◆ Assignment ◆
Where the listing below reaches the line containing "Import GRing.Theory Num.Theory.", start writing out lines exactly, and stop once the line containing "(* Write a monomial" has been written.

◆ Extracted material ◆
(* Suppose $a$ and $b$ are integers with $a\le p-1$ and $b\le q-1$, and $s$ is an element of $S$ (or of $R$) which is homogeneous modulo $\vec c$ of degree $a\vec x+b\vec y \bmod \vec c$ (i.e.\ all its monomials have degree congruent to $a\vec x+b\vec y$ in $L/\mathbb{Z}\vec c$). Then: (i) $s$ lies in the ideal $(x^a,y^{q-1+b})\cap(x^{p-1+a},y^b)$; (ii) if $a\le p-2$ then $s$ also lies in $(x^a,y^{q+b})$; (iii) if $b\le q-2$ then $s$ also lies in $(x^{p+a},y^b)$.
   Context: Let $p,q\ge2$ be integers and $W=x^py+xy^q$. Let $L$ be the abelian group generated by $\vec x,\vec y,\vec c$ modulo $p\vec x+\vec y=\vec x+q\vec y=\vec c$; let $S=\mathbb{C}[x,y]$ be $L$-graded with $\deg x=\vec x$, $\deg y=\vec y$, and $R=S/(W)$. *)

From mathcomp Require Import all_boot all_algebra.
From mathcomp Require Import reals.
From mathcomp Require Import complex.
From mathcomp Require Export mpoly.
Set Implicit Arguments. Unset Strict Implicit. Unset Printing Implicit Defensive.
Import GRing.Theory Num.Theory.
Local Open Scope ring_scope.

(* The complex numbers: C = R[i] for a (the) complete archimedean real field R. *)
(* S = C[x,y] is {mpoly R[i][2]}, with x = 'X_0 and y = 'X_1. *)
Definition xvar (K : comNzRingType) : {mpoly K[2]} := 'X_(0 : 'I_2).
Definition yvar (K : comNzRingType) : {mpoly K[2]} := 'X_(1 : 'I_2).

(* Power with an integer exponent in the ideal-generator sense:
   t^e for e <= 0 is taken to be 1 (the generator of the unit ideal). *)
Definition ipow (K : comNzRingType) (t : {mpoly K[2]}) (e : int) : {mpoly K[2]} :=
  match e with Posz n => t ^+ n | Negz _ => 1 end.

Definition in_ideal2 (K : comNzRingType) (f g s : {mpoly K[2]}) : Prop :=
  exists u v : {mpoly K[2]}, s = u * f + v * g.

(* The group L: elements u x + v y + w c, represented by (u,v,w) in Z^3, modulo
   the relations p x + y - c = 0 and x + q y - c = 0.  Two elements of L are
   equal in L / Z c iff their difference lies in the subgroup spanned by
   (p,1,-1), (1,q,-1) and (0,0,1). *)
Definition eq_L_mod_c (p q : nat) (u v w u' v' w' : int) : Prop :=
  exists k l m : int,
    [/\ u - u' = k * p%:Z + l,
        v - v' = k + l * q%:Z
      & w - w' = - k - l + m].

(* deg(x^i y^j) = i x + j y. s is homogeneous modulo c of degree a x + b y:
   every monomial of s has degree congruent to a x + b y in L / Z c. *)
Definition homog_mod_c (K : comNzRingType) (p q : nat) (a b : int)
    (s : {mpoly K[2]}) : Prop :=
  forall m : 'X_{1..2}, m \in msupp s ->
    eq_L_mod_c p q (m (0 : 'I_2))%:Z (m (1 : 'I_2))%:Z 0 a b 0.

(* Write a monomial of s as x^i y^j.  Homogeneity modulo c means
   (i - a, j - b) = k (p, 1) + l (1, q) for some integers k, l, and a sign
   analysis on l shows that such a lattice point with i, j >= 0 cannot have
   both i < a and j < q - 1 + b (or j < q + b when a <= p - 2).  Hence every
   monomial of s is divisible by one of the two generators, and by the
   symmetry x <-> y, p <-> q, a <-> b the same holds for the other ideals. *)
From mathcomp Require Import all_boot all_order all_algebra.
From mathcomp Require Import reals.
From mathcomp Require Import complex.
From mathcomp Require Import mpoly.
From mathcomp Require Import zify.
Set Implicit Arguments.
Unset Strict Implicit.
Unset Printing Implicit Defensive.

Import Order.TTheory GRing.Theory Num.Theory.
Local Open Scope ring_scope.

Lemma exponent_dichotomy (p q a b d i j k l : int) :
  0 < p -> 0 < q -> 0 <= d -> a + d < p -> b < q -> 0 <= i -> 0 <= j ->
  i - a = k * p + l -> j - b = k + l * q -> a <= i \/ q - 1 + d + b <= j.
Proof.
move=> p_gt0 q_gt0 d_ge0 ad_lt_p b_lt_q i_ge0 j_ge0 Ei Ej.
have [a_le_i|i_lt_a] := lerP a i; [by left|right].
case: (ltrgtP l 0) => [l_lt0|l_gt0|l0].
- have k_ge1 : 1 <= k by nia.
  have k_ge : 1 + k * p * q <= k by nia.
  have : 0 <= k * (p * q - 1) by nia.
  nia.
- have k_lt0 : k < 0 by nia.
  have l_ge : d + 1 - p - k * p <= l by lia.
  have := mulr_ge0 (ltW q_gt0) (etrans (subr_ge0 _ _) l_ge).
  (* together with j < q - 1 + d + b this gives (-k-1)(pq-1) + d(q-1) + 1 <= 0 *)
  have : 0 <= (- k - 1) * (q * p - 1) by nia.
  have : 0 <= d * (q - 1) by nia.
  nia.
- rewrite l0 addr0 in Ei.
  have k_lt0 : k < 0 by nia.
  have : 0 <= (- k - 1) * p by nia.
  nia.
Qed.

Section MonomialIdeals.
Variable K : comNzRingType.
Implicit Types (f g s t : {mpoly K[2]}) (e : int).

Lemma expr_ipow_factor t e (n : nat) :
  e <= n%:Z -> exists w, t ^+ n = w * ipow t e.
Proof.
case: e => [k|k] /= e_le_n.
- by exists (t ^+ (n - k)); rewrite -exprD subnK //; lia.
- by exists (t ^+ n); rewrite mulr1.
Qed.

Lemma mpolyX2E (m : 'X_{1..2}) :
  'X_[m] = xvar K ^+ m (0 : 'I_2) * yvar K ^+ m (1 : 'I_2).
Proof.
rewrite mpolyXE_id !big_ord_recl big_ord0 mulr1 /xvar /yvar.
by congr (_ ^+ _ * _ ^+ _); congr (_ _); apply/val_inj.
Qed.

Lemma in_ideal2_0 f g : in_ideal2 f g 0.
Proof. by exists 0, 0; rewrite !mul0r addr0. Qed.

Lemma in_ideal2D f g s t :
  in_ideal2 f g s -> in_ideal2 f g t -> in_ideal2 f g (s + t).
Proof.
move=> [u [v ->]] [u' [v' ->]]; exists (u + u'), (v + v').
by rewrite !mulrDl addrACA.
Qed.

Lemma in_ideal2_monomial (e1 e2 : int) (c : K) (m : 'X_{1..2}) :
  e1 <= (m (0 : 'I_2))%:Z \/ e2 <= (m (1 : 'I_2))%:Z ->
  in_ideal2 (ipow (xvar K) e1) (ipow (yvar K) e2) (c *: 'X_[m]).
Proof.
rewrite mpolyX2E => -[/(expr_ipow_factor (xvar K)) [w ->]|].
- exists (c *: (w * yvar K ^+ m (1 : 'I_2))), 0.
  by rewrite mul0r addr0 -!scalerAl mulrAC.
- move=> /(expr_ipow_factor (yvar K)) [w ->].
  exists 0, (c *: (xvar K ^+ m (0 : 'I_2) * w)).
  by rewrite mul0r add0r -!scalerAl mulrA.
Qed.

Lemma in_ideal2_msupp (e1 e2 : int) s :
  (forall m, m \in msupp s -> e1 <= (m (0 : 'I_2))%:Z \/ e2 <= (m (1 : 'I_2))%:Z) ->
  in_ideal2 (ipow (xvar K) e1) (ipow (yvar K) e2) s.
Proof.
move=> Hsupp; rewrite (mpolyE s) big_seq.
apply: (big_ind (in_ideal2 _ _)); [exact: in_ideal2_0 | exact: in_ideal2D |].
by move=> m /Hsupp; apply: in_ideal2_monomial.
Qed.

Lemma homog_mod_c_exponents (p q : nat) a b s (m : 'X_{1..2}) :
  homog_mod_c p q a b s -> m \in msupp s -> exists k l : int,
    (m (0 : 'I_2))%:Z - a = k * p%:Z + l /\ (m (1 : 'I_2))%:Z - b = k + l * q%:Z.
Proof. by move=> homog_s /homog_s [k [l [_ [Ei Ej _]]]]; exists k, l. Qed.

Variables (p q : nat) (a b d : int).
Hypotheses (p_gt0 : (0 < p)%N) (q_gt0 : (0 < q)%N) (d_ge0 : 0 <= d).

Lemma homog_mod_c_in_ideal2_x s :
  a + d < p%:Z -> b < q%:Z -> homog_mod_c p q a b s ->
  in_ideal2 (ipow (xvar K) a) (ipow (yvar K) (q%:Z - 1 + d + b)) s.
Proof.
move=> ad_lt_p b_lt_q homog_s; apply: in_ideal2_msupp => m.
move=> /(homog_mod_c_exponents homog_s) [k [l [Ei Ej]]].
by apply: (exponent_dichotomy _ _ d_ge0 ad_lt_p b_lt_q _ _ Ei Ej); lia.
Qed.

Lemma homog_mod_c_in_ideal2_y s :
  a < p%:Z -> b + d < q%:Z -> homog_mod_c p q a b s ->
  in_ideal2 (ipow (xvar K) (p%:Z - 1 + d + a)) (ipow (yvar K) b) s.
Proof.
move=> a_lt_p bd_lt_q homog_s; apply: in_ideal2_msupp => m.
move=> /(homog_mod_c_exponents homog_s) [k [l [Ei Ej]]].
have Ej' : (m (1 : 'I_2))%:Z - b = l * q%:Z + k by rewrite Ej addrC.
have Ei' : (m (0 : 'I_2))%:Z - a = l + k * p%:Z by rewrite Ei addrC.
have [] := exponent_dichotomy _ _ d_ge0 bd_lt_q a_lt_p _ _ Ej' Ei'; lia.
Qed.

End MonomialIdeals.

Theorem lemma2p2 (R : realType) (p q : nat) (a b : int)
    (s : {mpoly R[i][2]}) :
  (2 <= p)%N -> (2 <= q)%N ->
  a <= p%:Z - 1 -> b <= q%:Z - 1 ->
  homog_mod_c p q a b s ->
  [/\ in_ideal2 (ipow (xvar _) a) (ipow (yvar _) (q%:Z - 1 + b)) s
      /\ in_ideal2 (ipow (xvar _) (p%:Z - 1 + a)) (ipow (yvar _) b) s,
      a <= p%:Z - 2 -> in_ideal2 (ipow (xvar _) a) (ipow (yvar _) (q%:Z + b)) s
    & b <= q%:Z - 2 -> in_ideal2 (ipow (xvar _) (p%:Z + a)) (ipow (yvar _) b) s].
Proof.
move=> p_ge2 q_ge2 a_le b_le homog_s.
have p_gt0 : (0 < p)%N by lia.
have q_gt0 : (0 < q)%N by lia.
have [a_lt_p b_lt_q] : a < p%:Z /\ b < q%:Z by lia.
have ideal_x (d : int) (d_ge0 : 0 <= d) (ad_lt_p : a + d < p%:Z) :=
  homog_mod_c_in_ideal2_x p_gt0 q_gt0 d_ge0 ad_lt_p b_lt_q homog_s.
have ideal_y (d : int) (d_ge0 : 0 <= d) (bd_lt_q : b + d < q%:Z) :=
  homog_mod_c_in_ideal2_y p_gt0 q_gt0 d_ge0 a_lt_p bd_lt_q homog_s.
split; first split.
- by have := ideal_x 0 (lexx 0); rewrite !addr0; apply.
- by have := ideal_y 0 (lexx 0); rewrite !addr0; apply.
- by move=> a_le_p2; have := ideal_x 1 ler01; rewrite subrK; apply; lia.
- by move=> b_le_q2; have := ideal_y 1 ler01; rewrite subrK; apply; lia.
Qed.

◆ Your solution ◆
Import GRing.Theory Num.Theory.
Local Open Scope ring_scope.

(* The complex numbers: C = R[i] for a (the) complete archimedean real field R. *)
(* S = C[x,y] is {mpoly R[i][2]}, with x = 'X_0 and y = 'X_1. *)
Definition xvar (K : comNzRingType) : {mpoly K[2]} := 'X_(0 : 'I_2).
Definition yvar (K : comNzRingType) : {mpoly K[2]} := 'X_(1 : 'I_2).

(* Power with an integer exponent in the ideal-generator sense:
   t^e for e <= 0 is taken to be 1 (the generator of the unit ideal). *)
Definition ipow (K : comNzRingType) (t : {mpoly K[2]}) (e : int) : {mpoly K[2]} :=
  match e with Posz n => t ^+ n | Negz _ => 1 end.

Definition in_ideal2 (K : comNzRingType) (f g s : {mpoly K[2]}) : Prop :=
  exists u v : {mpoly K[2]}, s = u * f + v * g.

(* The group L: elements u x + v y + w c, represented by (u,v,w) in Z^3, modulo
   the relations p x + y - c = 0 and x + q y - c = 0.  Two elements of L are
   equal in L / Z c iff their difference lies in the subgroup spanned by
   (p,1,-1), (1,q,-1) and (0,0,1). *)
Definition eq_L_mod_c (p q : nat) (u v w u' v' w' : int) : Prop :=
  exists k l m : int,
    [/\ u - u' = k * p%:Z + l,
        v - v' = k + l * q%:Z
      & w - w' = - k - l + m].

(* deg(x^i y^j) = i x + j y. s is homogeneous modulo c of degree a x + b y:
   every monomial of s has degree congruent to a x + b y in L / Z c. *)
Definition homog_mod_c (K : comNzRingType) (p q : nat) (a b : int)
    (s : {mpoly K[2]}) : Prop :=
  forall m : 'X_{1..2}, m \in msupp s ->
    eq_L_mod_c p q (m (0 : 'I_2))%:Z (m (1 : 'I_2))%:Z 0 a b 0.

(* Write a monomial of s as x^i y^j.  Homogeneity modulo c means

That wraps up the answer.